CVE-2021-30144 - Information Disclose
GLPI Plugin - Dashboard <= 1.0.2
GLPI is an incredible ITSM software tool that helps you plan and manage IT changes in an easy way, solve problems efficiently when they emerge and allow you to gain legitimate control over your company’s IT budget, and expenses.
Many companies use GLPI to manage their clients and tickets. When the GLPI is well configured files and folders as glpi/files/_log/event.log and /files/_dumps are prohibited. The event.log file permits to enumerate users once it logs authentication activities.
Another positive point is that users with customer roles could not see the activities of other customers and users, unless the action is involved in their tickets.

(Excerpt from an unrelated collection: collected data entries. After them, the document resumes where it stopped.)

Lemma posdef_schur n (B : 'M[R]_(1 + n)) : posdef B ->
  0 < ulsubmx B 0 0 /\
  posdef (drsubmx B - (ulsubmx B 0 0)^-1 *: (dlsubmx B *m (dlsubmx B)^T)).
Proof.
move=> [Bs Bpos]; set a := ulsubmx B 0 0; set b := dlsubmx B.
have Bq v : v != 0 -> 0 < qform B v := Bpos v.
have a_gt0 : 0 < a.
  have := Bq (col_mx 1 0); rewrite col_mx_eq0 oner_eq0 qform_col_mx //.
  rewrite /qform trmx0 trmx1 !(mul0mx, mulmx1, mul1mx) [(0 : 'M_1) 0 0]mxE mulr0 !addr0.
  by apply.
split=> //; split.
  by rewrite linearB linearZ /= trmx_mul trmxK trmx_drsub Bs.
move=> w nz_w; pose x : 'cV[R]_1 := - (a^-1 *: (b^T *m w)).
have := Bq (col_mx x w); rewrite col_mx_eq0 (negbTE nz_w) andbF qform_col_mx //.
set y := (b^T *m w) 0 0.
have bw : b^T *m w = y%:M by exact: mx11_scalar.
have wb : w^T *m b = y%:M by rewrite -[LHS]trmxK trmx_mul trmxK bw tr_scalar_mx.
have -> : x = (- (a^-1 * y))%:M by rewrite /x bw scale_scalar_mx raddfN.
rewrite [ulsubmx B]mx11_scalar -/a -/b /qform tr_scalar_mx wb -!scalar_mxM.
rewrite mulmxBr mulmxBl -scalemxAr -scalemxAl !mulmxA wb -[y%:M *m b^T *m w]mulmxA bw.
rewrite -scalar_mxM !mxE !eqxx !mulr1n => /(_ isT).
suff -> : - (a^-1 * y) * a * - (a^-1 * y) + 2 * (y * - (a^-1 * y)) = - (a^-1 * (y * y)).
  by rewrite addrC.
by field; rewrite gt_eqF.
Qed.

Lemma posdef_cholesky n (B : 'M[R]_n) : posdef B -> exists G : 'M[R]_n, B = G *m G^T.
Proof.
elim: n B => [|n IH] B PB; first by exists 0; apply/matrixP => [[]].
move: B PB; change (forall B : 'M[R]_(1 + n), posdef B -> exists G : 'M_(1 + n), B = G *m G^T).
move=> B PB; have [a_gt0 /IH[H defS]] := posdef_schur PB.
set a := ulsubmx _ 0 0 in a_gt0 defS; set b := dlsubmx _ in defS.
have ur : ursubmx B = b^T by rewrite trmx_dlsub PB.1.
pose s := Num.sqrt a; have s_neq0 : s != 0 by rewrite gt_eqF ?sqrtr_gt0.
have ss : s * s = a by rewrite -expr2 sqr_sqrtr // ltW.
exists (block_mx s%:M 0 (s^-1 *: b) H).
rewrite -[B in LHS]submxK tr_block_mx mulmx_block.
rewrite !(trmx0, mulmx0, mul0mx, addr0, add0r, tr_scalar_mx) -scalar_mxM ss ur.
congr block_mx.
- by rewrite [LHS]mx11_scalar.
- by rewrite mul_scalar_mx linearZ /= scalerA divff // scale1r.
- by rewrite -scalemxAl mul_mx_scalar scalerA mulVf // scale1r.
- rewrite -defS linearZ /= -scalemxAl -scalemxAr scalerA -invfM ss.
  by rewrite addrC subrK.
Qed.

Lemma cauchy_schwarz_sum (I : finType) (f g : I -> R) :
  (\sum_i f i * g i) ^+ 2 <= (\sum_i f i ^+ 2) * (\sum_i g i ^+ 2).
Proof.
set Sfg := \sum_i f i * g i; set Sf := \sum_i f i ^+ 2; set Sg := \sum_i g i ^+ 2.
have sqr_expand i j : (f i * g j - f j * g i) ^+ 2 =
    f i ^+ 2 * g j ^+ 2 + g i ^+ 2 * f j ^+ 2 - (f i * g i) * (f j * g j) * 2.
  by ring.
have lagrange : \sum_i \sum_j (f i * g j - f j * g i) ^+ 2 = (Sf * Sg + Sg * Sf - Sfg ^+ 2 * 2).
  under eq_bigr => i _ do rewrite (eq_bigr _ (fun j _ => sqr_expand i j)) sumrB big_split /=.
  rewrite sumrB big_split /= -!big_distrlr /= expr2 /Sfg mulr_suml mulr_suml.
  by congr (_ - _); apply: eq_bigr => i _; rewrite mulr_sumr mulr_suml.
have : 0 <= \sum_i \sum_j (f i * g j - f j * g i) ^+ 2.
  by apply: sumr_ge0 => i _; apply: sumr_ge0 => j _; apply: sqr_ge0.
rewrite lagrange; lra.
Qed.

Lemma qform_gram_le n (H : 'M[R]_n) (w : 'cV[R]_n) :
  qform (H *m H^T) w <= \tr (H *m H^T) * (w^T *m w) 0 0.
Proof.
have -> : qform (H *m H^T) w = \sum_k (\sum_i H i k * w i 0) ^+ 2.
  rewrite /qform mulmxA -(trmxK (w^T *m H)) trmx_mul trmxK -mulmxA mxE.
  by apply: eq_bigr => k _; rewrite !mxE expr2; congr (_ * _); apply: eq_bigr => i _; rewrite !mxE.
have -> : \tr (H *m H^T) = \sum_k \sum_i H i k ^+ 2.
  rewrite exchange_big; apply: eq_bigr => i _; rewrite mxE.
  by apply: eq_bigr => k _; rewrite mxE expr2.
have -> : (w^T *m w) 0 0 = \sum_i w i 0 ^+ 2.
  by rewrite mxE; apply: eq_bigr => i _; rewrite mxE expr2.
rewrite mulr_suml; apply: ler_sum => k _.
exact: cauchy_schwarz_sum.
Qed.

Lemma qform_le_mxtrace n (A B : 'M[R]_n) (v : 'cV[R]_n) : posdef A -> posdef B ->
  qform A v <= \tr (A *m invmx B) * qform B v.
Proof.
move=> PA /[dup] PB /posdef_cholesky[G defB].
have Gu : G \in unitmx by move: (posdef_unitmx PB); rewrite defB unitmx_mul => /andP[].
pose Gi := invmx G; pose X := Gi *m A *m Gi^T.
have Giu : Gi \in unitmx by rewrite unitmx_inv.
have [H defX] := posdef_cholesky (posdef_congr PA Giu).
have defA : A = G *m X *m G^T.
  by rewrite /X !mulmxA mulmxV // mul1mx -mulmxA -trmx_mul mulmxV // trmx1 mulmx1.
have defBi : invmx B = Gi^T *m Gi.
  rewrite -[RHS](mulKmx (posdef_unitmx PB)) [in X in _ *m X]defB.
  by rewrite -mulmxA (mulmxA G^T) -trmx_mul mulVmx // trmx1 mul1mx mulmxV // mulmx1.
have -> : \tr (A *m invmx B) = \tr X.
  rewrite defA defBi !mulmxA mxtrace_mulC !mulmxA mulVmx // mul1mx.
  by rewrite -mulmxA -trmx_mul mulVmx // trmx1 mulmx1.
have -> : qform A v = qform (H *m H^T) (G^T *m v).
  by rewrite /qform -defX -/X defA trmx_mul trmxK !mulmxA.
have -> : qform B v = ((G^T *m v)^T *m (G^T *m v)) 0 0.
  by rewrite /qform defB trmx_mul trmxK !mulmxA.
rewrite /X defX; exact: qform_gram_le.
Qed.

Lemma mxtrace_mul_invmx_gt0 n (A B : 'M[R]_n.+1) :
  posdef A -> posdef B -> 0 < \tr (A *m invmx B).
Proof.
move=> PA PB; pose v : 'cV[R]_n.+1 := const_mx 1.
have nz_v : v != 0 by apply/negP => /eqP/matrixP/(_ 0 0); rewrite !mxE => /eqP; rewrite oner_eq0.
have := lt_le_trans (PA.2 v nz_v) (qform_le_mxtrace v PA PB).
by rewrite pmulr_lgt0 //; exact: PB.2.
Qed.

Lemma mxtrace_mul_invmx_ge0 n (A B : 'M[R]_n) :
  posdef A -> posdef B -> 0 <= \tr (A *m invmx B).
Proof.
case: n A B => [|n] A B PA PB; first by rewrite [_ *m _]flatmx0 mxtrace0.
exact/ltW/mxtrace_mul_invmx_gt0.
Qed.

Lemma qform_chain n (A : nat -> 'M[R]_n) k : (forall i, (i <= k)%N -> posdef (A i)) ->
  forall v, qform (A 0%N) v <= (\prod_(0 <= i < k) \tr (A i *m invmx (A i.+1))) * qform (A k) v.
Proof.
elim: k => [|k IH] PA v; first by rewrite big_geq // mul1r.
have PAk i : (i <= k)%N -> posdef (A i) by move=> le_ik; apply: PA; exact: leqW.
rewrite big_nat_recr //= -mulrA; apply: le_trans (IH PAk v) _; apply: ler_wpM2l.
  rewrite big_seq; apply: prodr_ge0 => i; rewrite mem_index_iota => /andP[_ lt_ik].
  by apply: mxtrace_mul_invmx_ge0; apply: PAk => //; exact: ltnW.
exact: qform_le_mxtrace (PA k (leqnSn k)) (PA k.+1 (leqnn _)).
Qed.
End PositiveDefinite.

Section PowerBounds.
Variable R : realType.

For this reason the plugin Dashboard created by stdonato is a good manner to bypass this protection. The plugin has some protections as check read permisions to protect some data, but the file main2.php doesn't check this permision and permits us to see "sensitive" informations as:
- Who is connected
- Users with Tech Roles (generally they have high privileges).
- Other Client authentication and some events.
- Last tickets from other clients.
- How many clients the application has.
All you need to access this file is a low profile. You can directly access this file into target.com/glpi/plugins/dashboard/front/main2.php
The reason of this flaw is really simple. The file checks if the user is authenticated but didn't check the user's permission.
We also can see the how the plugin brings the information in the line 685.